Lemma dag_delta n (i : 'I_n) : dag (delta_mx i 0 : 'cV[C]_n) = delta_mx 0 i.
Proof. by apply/matrixP => a b; rewrite dagE !mxE rmorph_nat andbC. Qed.

Lemma dagmx_mul_self_ge0 m n (A : 'M[C]_(m, n)) j : 0 <= (dag A *m A) j j.
Proof.
by rewrite mxE; apply: sumr_ge0 => i _; rewrite dagE mulrC mul_conjC_ge0.
Qed.

Lemma dagmx_mul_self_eq0 m n (A : 'M[C]_(m, n)) : dag A *m A = 0 -> A = 0.
Proof.
move=> AA0; apply/matrixP => i j; rewrite [RHS]mxE.
have := congr1 (fun M : 'M[C]_n => M j j) AA0; rewrite [LHS]mxE [RHS]mxE.
move/eqP; rewrite psumr_eq0; last by move=> k _; rewrite dagE mulrC mul_conjC_ge0.
move/allP/(_ i (mem_index_enum _)); rewrite implyTb dagE mulrC mul_conjC_eq0.
by move/eqP.
Qed.

Definition sform n (A : 'M[C]_n) (u v : 'cV[C]_n) : C := (dag u *m A *m v) 0 0.
Definition qform n (A : 'M[C]_n) (v : 'cV[C]_n) : C := sform A v v.

Lemma sform_delta n (A : 'M[C]_n) i j :
  sform A (delta_mx i 0) (delta_mx j 0) = A i j.
Proof. by rewrite /sform dag_delta -rowE -colE !mxE. Qed.

Lemma sformDl n (A : 'M[C]_n) u1 u2 v :
  sform A (u1 + u2) v = sform A u1 v + sform A u2 v.
Proof. by rewrite /sform dagD !mulmxDl [LHS]mxE. Qed.

Lemma sformDr n (A : 'M[C]_n) u v1 v2 :
  sform A u (v1 + v2) = sform A u v1 + sform A u v2.
Proof. by rewrite /sform !mulmxDr [LHS]mxE. Qed.

Lemma sformZl n (A : 'M[C]_n) c u v : sform A (c *: u) v = c^* * sform A u v.
Proof. by rewrite /sform dagZ -!scalemxAl [LHS]mxE. Qed.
§
» **Problem to work on**:
If a line in the entries above holds "move", include it in the count; report nothing but the resulting number.

» **Response area**:
4